Prosecutors did not fully stop pursuing sub-postmasters until 2015 despite being warned about the potentially faulty system two years below.

It has been confirmed that the Crown Office and Procurator Fiscal Service (COPFS) is currently undertaking a review of the up to 100 cases in Scotland where Post Office staff could have been wrongly convicted of fraud or embezzlement.

But there is a divide in how this is to be approached, with Lord Advocate Dorothy Bain wanting it on a case-by-case basis, and Humza Yousaf calling for a blanket pardon.

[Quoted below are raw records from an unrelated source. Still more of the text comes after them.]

Fixpoint depth (g : game) : nat := let: Game l := g in (foldr maxn 0 (map depth l)).+1.
Fixpoint grundy (g : game) : nat := let: Game l := g in mex (map grundy l).
Definition opt (g : game) (j : nat) : game := nth game0 (opts g) j.

Lemma grundyE g : grundy g = mex (map grundy (opts g)).
Proof. by case: g. Qed.

Lemma grundy_opt_neq g j : j < size (opts g) -> grundy (opt g j) != grundy g.
Proof.
move=> j_lt; rewrite [grundy g]grundyE; apply: contraNneq (mex_notin (map grundy (opts g))) => <-.
by rewrite /opt -(nth_map game0 0) // mem_nth ?size_map.
Qed.

Lemma grundy_opt_lt g m :
  m < grundy g -> exists2 j, j < size (opts g) & grundy (opt g j) = m.
Proof.
rewrite grundyE => /mex_lt /(nthP 0) [j]; rewrite size_map => j_lt.
by rewrite (nth_map game0) // => <-; exists j.
Qed.

Lemma depth_opt g j : j < size (opts g) -> depth (opt g j) < depth g.
Proof.
case: g => l /= j_lt; rewrite ltnS /opt /=.
elim: l j j_lt => [|h l IH] [|j] //= j_lt; first exact: leq_maxl.
exact: leq_trans (IH j j_lt) (leq_maxr _ _).
Qed.

Lemma sum_move2P G X t : sum_move [:: G; X] t ->
  (exists2 j, j < size (opts G) & t = [:: opt G j; X]) \/
  (exists2 j, j < size (opts X) & t = [:: G; opt X j]).
Proof.
by case=> [[|[|i]]] //= _ [j j_lt ->]; [left | right]; exists j.
Qed.

Lemma sum_moveL G X j : j < size (opts G) -> sum_move [:: G; X] [:: opt G j; X].
Proof. by move=> j_lt; exists 0 => //; exists j. Qed.

Lemma sum_moveR G X j : j < size (opts X) -> sum_move [:: G; X] [:: G; opt X j].
Proof. by move=> j_lt; exists 1 => //; exists j. Qed.

Lemma pposP s :
  ppos s <-> forall t, sum_move s t -> exists2 u, sum_move t u & ppos u.
Proof. by split=> [[] | /PPos]. Qed.

Lemma grundy_eq_opts G X : grundy G = grundy X <->
  (forall j, j < size (opts G) -> grundy (opt G j) != grundy X) /\
  (forall j, j < size (opts X) -> grundy (opt X j) != grundy G).
Proof.
split=> [eGX | [noG noX]].
  by split=> j /grundy_opt_neq; rewrite eGX // eq_sym.
case: (ltngtP (grundy G) (grundy X)) => // [/grundy_opt_lt | /grundy_opt_lt] [j j_lt e].
  by have := noX j j_lt; rewrite e eqxx.
by have := noG j j_lt; rewrite e eqxx.
Qed.

Section GrundyInduction.

Variable n : nat.

Hypothesis ppos_grundy_le : forall G X,
  depth G + depth X <= n -> (ppos [:: G; X] <-> grundy G = grundy X).

Lemma npos_grundy G X : depth G + depth X <= n.+1 ->
  ((exists2 u, sum_move [:: G; X] u & ppos u) <-> grundy G != grundy X).
Proof.
move=> dGX; split.
  case=> u /sum_move2P [[j j_lt ->] | [j j_lt ->]] ppos_u;
    have := depth_opt j_lt => d_opt.
    have <- : grundy (opt G j) = grundy X by apply/ppos_grundy_le => //; lia.
    by rewrite eq_sym grundy_opt_neq.
  have -> : grundy G = grundy (opt X j) by apply/ppos_grundy_le => //; lia.
  exact: grundy_opt_neq.
case: (ltngtP (grundy G) (grundy X)) => // [/grundy_opt_lt | /grundy_opt_lt] [j j_lt e] _.
  exists [:: G; opt X j]; first exact: sum_moveR.
  by apply/ppos_grundy_le; [have := depth_opt j_lt; lia |].
exists [:: opt G j; X]; first exact: sum_moveL.
by apply/ppos_grundy_le; [have := depth_opt j_lt; lia |].
Qed.

Lemma ppos_grundy_succ G X : depth G + depth X <= n.+1 ->
  (ppos [:: G; X] <-> grundy G = grundy X).
Proof.
move=> dGX; rewrite grundy_eq_opts; split.
  move/pposP=> ppos_reply; split=> j j_lt; have := depth_opt j_lt => d_opt.
    by apply/npos_grundy; [lia | exact: ppos_reply _ (sum_moveL X j_lt)].
  by rewrite eq_sym; apply/npos_grundy; [lia | exact: ppos_reply _ (sum_moveR G j_lt)].
case=> noG noX; apply/pposP=> t /sum_move2P [[j j_lt ->] | [j j_lt ->]];
  have := depth_opt j_lt => d_opt; apply/npos_grundy; try lia.
  exact: noG.
by rewrite eq_sym; exact: noX.
Qed.

End GrundyInduction.

Lemma ppos_grundy G X : ppos [:: G; X] <-> grundy G = grundy X.
Proof.
have [n dGX] : exists n, depth G + depth X <= n by exists (depth G + depth X).
elim: n G X dGX => [|n IH] G X dGX; first by case: G dGX.
exact: ppos_grundy_succ IH _ _ dGX.
Qed.

Lemma grundy_equiv G H : grundy G = grundy H -> game_equiv G H.
Proof. by move=> eGH X; rewrite !ppos_grundy eGH. Qed.

Lemma mex_iota n : mex (iota 0 n) = n.
Proof. by apply: mex_eq => [|m]; rewrite mem_iota add0n ?ltnn. Qed.

Lemma map_grundy_nims n : map grundy (nims n) = iota 0 n.
Proof.
elim: n => // n IH; rewrite -[in RHS]addn1 iotaD /= map_rcons IH cats1.
by rewrite /= IH mex_iota.
Qed.

Lemma grundy_nim n : grundy (nim n) = n.
Proof. by rewrite /= map_grundy_nims mex_iota. Qed.

Lemma qmax_cons x S : qmax (x :: S) = maxn x (qmax S).
Proof. by []. Qed.

Lemma geq_qmax S n : (qmax S <= n) = all (fun x => x <= n) S.
Proof. by elim: S => // x S IH; rewrite qmax_cons geq_max IH. Qed.

Lemma leq_qmax S x : x \in S -> x <= qmax S.
Proof. by move=> xS; have := leqnn (qmax S); rewrite geq_qmax => /allP; apply. Qed.

Lemma qmax_mem (S : seq nat) : S != [::] -> qmax S \in S.
Proof.
elim: S => // x S IH _; rewrite qmax_cons in_cons.
case: S IH => [_ | y S IH]; first by rewrite maxn0 eqxx.
rewrite /maxn; case: ltnP => _; last by rewrite eqxx.
by rewrite IH ?orbT.
Qed.

Lemma mem_subseqs s M : (M \in subseqs s) = subseq M s.
Proof.
elim: s M => [|x s IH] [|y M] //=; rewrite mem_cat IH ?sub0seq ?orbT //.
have [-> | y_neq_x] := eqVneq y x.
  have cons_inj : injective (cons x) by move=> ? ? [].
  by rewrite (mem_map cons_inj) IH orb_idr // => /cons_subseq.
suff /negbTE -> : y :: M \notin map (cons x) (subseqs s) by [].
by apply/mapP=> -[N _ [y_x _]]; rewrite y_x eqxx in y_neq_x.
Qed.

Lemma mem_qmoves S M : (M \in qmoves S) = (M != [::]) && subseq M (iota 1 (qmax S)).
Proof. by rewrite mem_filter mem_subseqs. Qed.

Lemma qmoves_bound S M j : M \in qmoves S -> j \in M -> 0 < j <= qmax S.
Proof. by rewrite mem_qmoves => /andP [_ /mem_subseq sub] /sub; rewrite mem_iota; lia. Qed.

Lemma qmoves_uniq S M : M \in qmoves S -> uniq M.
Proof. by rewrite mem_qmoves => /andP [_ /subseq_uniq]; apply; exact: iota_uniq. Qed.

Lemma qmoves1 S j : 0 < j <= qmax S -> [:: j] \in qmoves S.
Proof. by move=> j_bound; rewrite mem_qmoves /= sub1seq mem_iota; lia. Qed.

Lemma qmoves2 S a : 0 < a < qmax S -> [:: a; qmax S] \in qmoves S.
Proof.
move=> a_bound; rewrite mem_qmoves /=.
have k_split : qmax S = (qmax S).-1 + 1 by lia.
rewrite [X in iota 1 X]k_split iotaD.
by apply: (@cat_subseq _ [:: a] [:: qmax S]); rewrite sub1seq mem_iota; lia.
Qed.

But now the Scottish Daily Express can reveal that the prosecution service held talks with the Post Office twice in 2013, once by phone and once in person about Horizon. But the details of these discussions have been kept secret.  A meeting also took place on October 6 2015, after which the Crown issued guidance to stop targeting sub-postmasters based on the evidence provided.

In response to a freedom of information request from this website, an official wrote: “I consider that there is a strong public interest in maintaining the confidentiality of information received by the Procurator Fiscal in connection with allegations of criminality.

“This is both during criminal proceedings and after they have concluded. The information within correspondence between COPFS and the Post Office is held for the purposes of an investigation which the department has a duty to conduct to ascertain whether a person should be prosecuted for an offence.

A month later, new guidance was created for prosecutors to consider every case reported by the Post Office on individual facts and circumstances, and then in October 2015, a new policy to not include Horizon evidence was drafted up. In 2019 and 2021, civil cases in England revealed the extent of the problems, with appeal and reviews able to proceeds.

A Crown Office spokeswoman added: “As an independent and impartial prosecution service, COPFS is determined to ensure that all miscarriages of justice resulting from unreliable Horizon evidence are identified and overturned. We are committed to public understanding of the role of Scotland’s prosecutors in these cases and will provide information when it is appropriate to do so, respecting the ongoing legal processes.”